Stored items
Lemma group_mu_frobenius : mu_frobenius group_mu.
Proof.
have eq_frob (x y u v : G) : (y == x - u + v) = (u + y == x + v).
  by rewrite addrAC [LHS]eq_sym subr_eq [LHS]eq_sym [y + u]addrC.
move=> a b c e; split.
  transitivity ((b == c - a + e)%:R : C).
    under eq_bigr do rewrite /group_mu conjC_nat eq_add_sub.
    by rewrite sum_delta.
  under eq_bigr do rewrite /group_mu conjC_nat.
  by rewrite sum_delta eq_frob eq_sym.
transitivity ((e == a - c + b)%:R : C).
  under eq_bigr do rewrite /group_mu conjC_nat eq_add_sub.
  by rewrite sum_delta.
under eq_bigr do rewrite /group_mu conjC_nat.
by rewrite sum_delta eq_frob eq_sym.
Qed.

Lemma group_mu_quasi_special : mu_quasi_special group_mu.
Proof.
exists #|G|%:R; split; first by rewrite pnatr_eq0 -lt0n card_zmod_gt0.
move=> k l; transitivity (\sum_(a : G) ((l == k)%:R : C)).
  apply: eq_bigr => a _.
  under eq_bigr do rewrite /group_mu conjC_nat eq_add_sub.
  by rewrite sum_delta addrC subrK.
by rewrite sumr_const mulr_natl [l == k]eq_sym cardT -cardE.
Qed.

Lemma group_frobenius : qs_comm_dagger_frobenius group_mu group_eta.
Proof.
split; [exact: group_mu_commutative | exact: group_mu_associative |
  exact: group_mu_unital | exact: group_mu_frobenius | exact: group_mu_quasi_special].
Qed.

Lemma group_strongly_complementary : strongly_complementary_X group_mu group_eta.
Proof.
have eq_both (a b c : G) : (a == b) && (a == c) = (a == c) && (b == c).
  by apply/andP/andP=> [[/eqP-> ->]|[/eqP-> /eqP->]].
split; [|split; [|split]].
- exists 1; split=> [|a b i j]; first exact: oner_neq0.
  by rewrite mul1r /group_mu -!natrM !mulnb eq_both.
- exists 1; split=> [|a b]; first exact: oner_neq0.
  by rewrite mul1r /group_eta /ket -!natrM !mulnb eq_both.
- exists 1; split=> [|i j]; first exact: oner_neq0.
  rewrite /group_mu; under eq_bigr do rewrite -[_%:R]mulr1.
  by rewrite sum_delta.
- rewrite /group_eta /ket.
  under eq_bigr do rewrite -[_%:R]mulr1.
  by rewrite sum_delta oner_neq0.
Qed.

Lemma is_phase_ket (x : G) : is_phase group_mu group_eta (ket x).
Proof.
move=> b; rewrite /ket.
under eq_bigr do rewrite conjC_nat.
rewrite sum_delta.
under eq_bigr do rewrite /group_mu conjC_nat mulrC.
by rewrite sum_delta -{1}[x]addr0 (inj_eq (addrI x)) eq_sym.
Qed.

Lemma iso_classical_points_id : iso_to_classical_points group_mu group_eta id.
Proof.
split=> //; split=> //; split=> [|g h]; apply: eq_up_to_phaseW => //.
exact: mult_ket.
Qed.

End GroupAlgebra.
Arguments group_mu {C G}.
Arguments group_eta {C G}.

Lemma prodr_expz (F : fieldType) (I : Type) (r : seq I) (P : pred I) (f : I -> F) (z : int) :
  (forall i, f i != 0) -> (\prod_(i <- r | P i) f i) ^ z = \prod_(i <- r | P i) f i ^ z.
Proof.
move=> nz_f; elim: r => [|i r IHr]; first by rewrite !big_nil exp1rz.
rewrite !big_cons; case: (P i) => //.
rewrite exprzMl ?IHr // unitfE ?nz_f // prodf_seq_neq0.
by elim: (r) => //= j r' ->; rewrite nz_f implybT.
Qed.

Lemma expz_sumr (F : fieldType) (I : Type) (r : seq I) (P : pred I) (f : I -> int) (x : F) :
  x != 0 -> x ^ (\sum_(i <- r | P i) f i) = \prod_(i <- r | P i) x ^ f i.
Proof.
by move=> nz_x; apply: (big_morph _ (exprzDr _) (expr0z x)); rewrite unitfE.
Qed.

Lemma norm_expz_eq1 (F : numFieldType) (x : F) (z : int) : `|x| = 1 -> `|x ^ z| = 1.
Proof.
move=> x1; case: z => m; first by rewrite normrX x1 expr1n.
by rewrite NegzE -invr_expz normfV normrX x1 expr1n invr1.
Qed.

Lemma unit_circle_expz_root (C : numClosedFieldType) (b : C) (z : int) :
  `|b| = 1 -> z != 0 -> exists v, `|v| = 1 /\ v ^ z = b.
Proof.
move=> b1.
have root_norm m : (0 < m)%N -> `|m.-root b| = 1.
  move=> m_gt0; apply/eqP; rewrite -(pexpr_eq1 (n := m)) ?normr_ge0 -?lt0n //.
  by rewrite -normrX rootCK // b1.
case: z => m nz_m.
  have m_gt0 : (0 < m)%N by rewrite lt0n; apply: contraNneq nz_m => ->.
  by exists (m.-root b); rewrite -exprnP rootCK // root_norm.
exists (m.+1.-root b)^-1; rewrite normfV root_norm // invr1; split=> //.
by rewrite NegzE -invr_expz -exprnP exprVn invrK rootCK.
Qed.

Section UnitCircleSystems.
Variable C : numClosedFieldType.

Definition mxexpz p q (A : 'M[int]_(p, q)) (v : 'I_q -> C) : 'I_p -> C :=
  fun i => \prod_j v j ^ A i j.

Lemma mxexpz_mul p q r (A : 'M[int]_(p, q)) (B : 'M[int]_(q, r)) (v : 'I_r -> C) :
  (forall j, v j != 0) -> mxexpz (A *m B) v = mxexpz A (mxexpz B v).
Proof.
move=> nz_v; apply: functional_extensionality => i; rewrite /mxexpz.
have nz_vB k j : v j ^ B k j != 0 by exact: expfz_neq0.
under [RHS]eq_bigr => k _ do rewrite (prodr_expz _ _ _ (nz_vB k)).
rewrite exchange_big /=; apply: eq_bigr => j _.
rewrite mxE expz_sumr //; apply: eq_bigr => k _.
by rewrite exprz_exp mulrC.
Qed.

Lemma mxexpz1 p (v : 'I_p -> C) : mxexpz 1%:M v = v.
Proof.
apply: functional_extensionality => i; rewrite /mxexpz (bigD1 i) //= big1 ?mulr1.
  by rewrite mxE eqxx expr1z.
by move=> j ji; rewrite mxE eq_sym (negbTE ji) mulr0n expr0z.
Qed.

Lemma norm_mxexpz p q (A : 'M[int]_(p, q)) (v : 'I_q -> C) :
  (forall j, `|v j| = 1) -> forall i, `|mxexpz A v i| = 1.
Proof.
by move=> v1 i; rewrite normr_prod big1 // => j _; exact: norm_expz_eq1.
Qed.

Lemma diag_mxexpz_solvable p q (D : 'M[int]_(p, q)) (b : 'I_p -> C) :
  (forall (i : 'I_p) (j : 'I_q), (i : nat) != j -> D i j = 0) ->
  (forall i, `|b i| = 1) ->
  (forall i, (forall j, D i j = 0) -> b i = 1) ->
  exists2 u, forall j, `|u j| = 1 & mxexpz D u = b.
Proof.
move=> diagD b1 b_zero_row.
have root_j (j : 'I_q) : exists v : C, `|v| = 1 /\
    forall i : 'I_p, (i : nat) = j -> D i j != 0 -> v ^ D i j = b i.
  case: (ltnP j p) => [jp|pj]; last first.
    by exists 1; rewrite normr1; split=> // i ij; move: (ltn_ord i); rewrite ij ltnNge pj.
  have [Djj0|nz_Djj] := eqVneq (D (Ordinal jp) j) 0.
    exists 1; rewrite normr1; split=> // i ij.
    by rewrite (_ : i = Ordinal jp) ?Djj0 ?eqxx //; apply: val_inj.
  have [v [v1 Dv]] := unit_circle_expz_root (b1 (Ordinal jp)) nz_Djj.
  by exists v; split=> // i ij; rewrite (_ : i = Ordinal jp) //; apply: val_inj.
have [u hu] := fin_all_exists root_j.
exists u => [j|]; first by case: (hu j).
apply: functional_extensionality => i; rewrite /mxexpz.
have [j Dij|zero_row] := pickP (fun j => D i j != 0); last first.
  rewrite b_zero_row => [|j]; last by apply/eqP/negbFE/zero_row.
  by rewrite big1 // => j _; rewrite (eqP (negbFE (zero_row j))) expr0z.
have ij : (i : nat) = j by apply/eqP; apply: contraNT Dij => /diagD ->.
rewrite (bigD1 j) //= big1 ?mulr1; first by case: (hu j) => _ ->.
move=> k kj; rewrite diagD ?expr0z // ij.
by apply: contra kj => /eqP jk; apply/eqP/val_inj.
Qed.

(* Smith normal form reduces this to the diagonal case, which holds because the
   unit circle is divisible. *)
Lemma unit_circle_system_solvable S M (n : 'I_S -> 'I_M -> int) (w : 'I_S -> C) :
  (forall s, `|w s| = 1) ->
  (forall c : 'I_S -> int, (forall r, \sum_s c s * n s r = 0) -> \prod_s w s ^ c s = 1) ->
  exists2 t : 'I_M -> C, forall r, `|t r| = 1 & forall s, \prod_r t r ^ n s r = w s.
Proof.
move=> w1 w_rel; pose Nm := \matrix_(s, r) n s r.
have [L uL [R uR [d _ NmE]]] := int_Smith_normal_form Nm.
set D := \matrix_(i, j) _ in NmE.
have nz_w s : w s != 0 by rewrite -normr_eq0 w1 oner_eq0.
pose b := mxexpz (invmx L) w.
have b_zero_row i : (forall j, D i j = 0) -> b i = 1.
  move=> Di0; apply: w_rel => r.
  have : (invmx L *m Nm) i r = 0.
    by rewrite NmE !mulmxA mulVmx // mul1mx mxE big1 // => k _; rewrite Di0 mul0r.
  by rewrite mxE; under eq_bigr do rewrite mxE.
have diagD (i : 'I_S) (j : 'I_M) : (i : nat) != j -> D i j = 0.
  by rewrite mxE => /negbTE ->.
have [u u1 Du] := diag_mxexpz_solvable diagD (norm_mxexpz _ w1) b_zero_row.
have nz_u j : u j != 0 by rewrite -normr_eq0 u1 oner_eq0.
exists (mxexpz (invmx R) u) => [|s]; first exact: norm_mxexpz.
have -> : \prod_r mxexpz (invmx R) u r ^ n s r = mxexpz Nm (mxexpz (invmx R) u) s.
  by apply: eq_bigr => r _; rewrite mxE.
rewrite -mxexpz_mul // NmE -mulmxA mulmxV // mulmx1 mxexpz_mul // Du.
by rewrite /b -mxexpz_mul // mulmxV // mxexpz1.
Qed.

End UnitCircleSystems.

Exercise objective » Your answer should consist of all lines above that include the string "normrX".

Written answer »
move=> x1; case: z => m; first by rewrite normrX x1 expr1n.
by rewrite NegzE -invr_expz normfV normrX x1 expr1n invr1.
  by rewrite -normrX rootCK // b1.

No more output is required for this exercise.